Studio album by the Gits
- Released: March 17, 1994
- Recorded: 1993
- Genre: Punk rock; riot grrrl;
- Length: 36:51
- Label: C/Z; Broken Rekids; Sub Pop;
- Producer: Scott Benson; the Gits;

The Gits chronology
| Frenching the Bully (1992) | Enter: The Conquering Chicken (1994) | Evil Stig (1995) |

= Enter: The Conquering Chicken =

Enter: The Conquering Chicken is the second and final studio album by the American punk rock band the Gits, released on March 17, 1994, through C/Z Records. It was reissued on June 17, 2003, through Broken Rekids with bonus tracks and different cover art, followed by a second reissue, remastered by Jack Endino, on January 31, 2025, through Sub Pop.
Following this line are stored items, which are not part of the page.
Lemma qmulA x y z : mul (mul x y) z = mul x (mul y z). Proof. quat_ring. Qed.
Lemma qmulDl x y z : mul (qadd x y) z = qadd (mul x z) (mul y z). Proof. quat_ring. Qed.
Lemma qmulDr x y z : mul x (qadd y z) = qadd (mul x y) (mul x z). Proof. quat_ring. Qed.
Lemma qmulZl c x y : mul (qscale c x) y = qscale c (mul x y). Proof. quat_ring. Qed.
Lemma qmulZr c x y : mul x (qscale c y) = qscale c (mul x y). Proof. quat_ring. Qed.
Lemma qmul_qsr c y : mul y (qs c) = qscale c y. Proof. quat_ring. Qed.
Lemma qmul1q x : mul (qone F) x = x. Proof. quat_ring. Qed.
Lemma qmulq1 x : mul x (qone F) = x. Proof. quat_ring. Qed.
Lemma qscaleA c c' (x : quat F) : qscale c (qscale c' x) = qscale (c * c') x. Proof. quat_ring. Qed.
Lemma qscale1 (x : quat F) : qscale 1 x = x. Proof. quat_ring. Qed.
Lemma qaddC (x y : quat F) : qadd x y = qadd y x. Proof. quat_ring. Qed.
Lemma qconjM x y : qconj (mul x y) = mul (qconj y) (qconj x). Proof. quat_ring. Qed.
Lemma qconjZ c (x : quat F) : qconj (qscale c x) = qscale c (qconj x). Proof. quat_ring. Qed.
Lemma qmul_conj x : mul x (qconj x) = qs (nr x). Proof. rewrite /Nr; quat_ring. Qed.
Lemma qconj_mul x : mul (qconj x) x = qs (nr x). Proof. rewrite /Nr; quat_ring. Qed.

Lemma NrM x y : nr (mul x y) = nr x * nr y.
Proof. rewrite /Nr !qmulE; cbn [q0 q1 q2 q3 qconj]; ring. Qed.
Lemma NrZ c x : nr (qscale c x) = c ^+ 2 * nr x.
Proof. rewrite /Nr !qmulE; cbn [q0 q1 q2 q3 qconj qscale]; ring. Qed.
Lemma Nr_conj x : nr (qconj x) = nr x.
Proof. rewrite /Nr !qmulE; cbn [q0 q1 q2 q3 qconj]; ring. Qed.
Lemma Nr_qone : nr (qone F) = 1.
Proof. rewrite /Nr qmulE; cbn; ring. Qed.

Lemma TrdC x y : Trd (mul x y) = Trd (mul y x).
Proof. rewrite /Trd !qmulE; cbn [q0 q1 q2 q3 qconj qadd]; ring. Qed.

Lemma Trd0_q1 (z : quat F) : Trd z = 0 -> q1 z = - (2%:R * q0 z).
Proof. by move=> h; apply/eqP; rewrite -subr_eq0 -h /Trd /=; apply/eqP; ring. Qed.

Lemma qmul_Trd0 z : Trd z = 0 -> mul z z = qs (- nr z).
Proof. move/Trd0_q1 => h1; rewrite /Nr; apply: quat_eq; rewrite !qmulE /= h1; ring. Qed.

Lemma qconj_Trd0 (z : quat F) : Trd z = 0 -> qconj z = qscale (-1) z.
Proof. move/Trd0_q1 => h1; apply: quat_eq; rewrite /= ?h1; ring. Qed.
Lemma ler_dist_sqrt_sqrD a b k : 0 <= a -> 0 <= b -> 0 <= k ->
  `|Num.sqrt (a ^+ 2 + k) - Num.sqrt (b ^+ 2 + k)| <= `|a - b|.
Proof.
move=> a0 b0 k0.
set A := Num.sqrt _; set B := Num.sqrt _.
have A0 : 0 <= A := sqrtr_ge0 _; have B0 : 0 <= B := sqrtr_ge0 _.
have A2 : A ^+ 2 = a ^+ 2 + k by rewrite sqr_sqrtr // addr_ge0 ?sqr_ge0.
have B2 : B ^+ 2 = b ^+ 2 + k by rewrite sqr_sqrtr // addr_ge0 ?sqr_ge0.
have AB : a * b + k <= A * B.
  rewrite -(ler_pXn2r (_ : (0 < 2)%N)) ?nnegrE ?addr_ge0 ?mulr_ge0 //.
  rewrite exprMn A2 B2; have := sqr_ge0 (a - b); rewrite !expr2; nra.
rewrite -(ler_pXn2r (_ : (0 < 2)%N)) ?nnegrE ?normr_ge0 //.
rewrite !real_normK ?num_real // !sqrrB A2 B2; lra.
Qed.

End RealInequalities.

Section Continuity.
Variables (R : realType) (N : nat).
Notation vec := 'rV[R]_N.
Implicit Types (F G : vec -> R) (x y : vec).

Lemma econtinuous_continuous F : econtinuous F -> continuous F.
Proof.
move=> Fc x; apply/(@cvgrPdist_lt _ _ _ (nbhs x) (nbhs_filter x)) => e e0.
have [d d0 Fd] := Fc x e e0; apply/nbhs_ballP.
have N1 : 0 < N%:R + 1 :> R by rewrite ltr_wpDl.
set M := d / (N%:R + 1).
have M0 : 0 < M by rewrite divr_gt0.
exists M => // y [_ /= xy]; rewrite distrC; apply: Fd.
have yx : enorm (y - x) ^+ 2 <= N%:R * M ^+ 2.
  by apply: sqr_enorm_le_coord => i; have := xy ord0 i; rewrite !mxE distrC => /ltW.
have MN : M * (N%:R + 1) = d by rewrite divfK ?lt0r_neq0.
clearbody M; subst d.
have : enorm (y - x) ^+ 2 < (M * (N%:R + 1)) ^+ 2.
  apply: (le_lt_trans yx); rewrite exprMn mulrC ltr_pM2l ?exprn_gt0 //.
  by have := ler0n R N; rewrite expr2; nra.
by rewrite ltr_pXn2r ?nnegrE ?enorm_ge0 ?ltW.
Qed.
This was the final album to feature lead vocalist and lyricist Mia Zapata, who was raped and murdered on July 7, 1993, less than four weeks after the band had accepted an offer to be signed to Atlantic Records and shortly before production on the album was completed. The surviving members of the band finished the album with what they had recorded up to that point and subsequently disbanded.

==Reception==

Enter: The Conquering Chicken shows Mia Zapata pushing the blues influences that informed her vocal style to the forefront more directly than on Frenching the Bully, with songs like "A Change Is Gonna Come" (a recontextualized cover of Sam Cooke's original) and "Precious Blood." The band also arguably furthers their hardcore influences on songs like "Sign of the Crab," "Spear & Magic Helmet" and "Drunks."

Professional ratings
Review scores
| Source | Rating |
| AllMusic | Star |

==Track listing==
1. "Bob (Cousin O.)" – 3:04
2. "Guilt Within Your Head" – 2:26
3. "Seaweed" – 2:23
4. "A Change Is Gonna Come" – 4:03
5. "Precious Blood" – 3:46
6. "Beauty of the Rose" – 2:36
7. "Drunks" – 1:37
8. "Italian Song" – 2:07
9. "Social Love I" – 2:39
10. "Social Love II" – 1:51
11. "Spear & Magic Helmet" – 2:43
12. "Drinking Song" – 2:55
13. "Sign of the Crab" – 2:33

===Reissue track listing===
1. "Bob (Cousin O.)" – 3:03
2. "Guilt Within Your Head" – 2:25
3. "Seaweed" – 2:25
4. "A Change Is Gonna Come" – 4:02
5. "Precious Blood" – 3:45
6. "Beauty of the Rose" – 2:36
7. "Drunks" – 1:37
8. "Italian Song" – 2:07
9. "Social Love I" – 2:39
10. "Social Love II" – 1:50
11. "Daily Bread" – 4:33
12. "Sign of the Crab" – 2:34
13. "Drinking Song" – 2:55
14. "I'm Lou" – 1:55
15. "New Fast One" – 2:00
16. "Sign of the Crab" (Live) – 2:46
17. "Seaweed" (Live) – 2:29
18. "Beauty of the Rose" (Live) – 2:44
19. "Whirlwind" (Live) – 2:59
20. "New Fast One" (Live) – 2:01
21. "Bob (Cousin O.)" (Live) – 3:07
22. "A Change Is Gonna Come" (Alternate Take) – 4:13
- Live tracks recorded at the X-Ray Cafe, Portland, Oregon, in June 1993.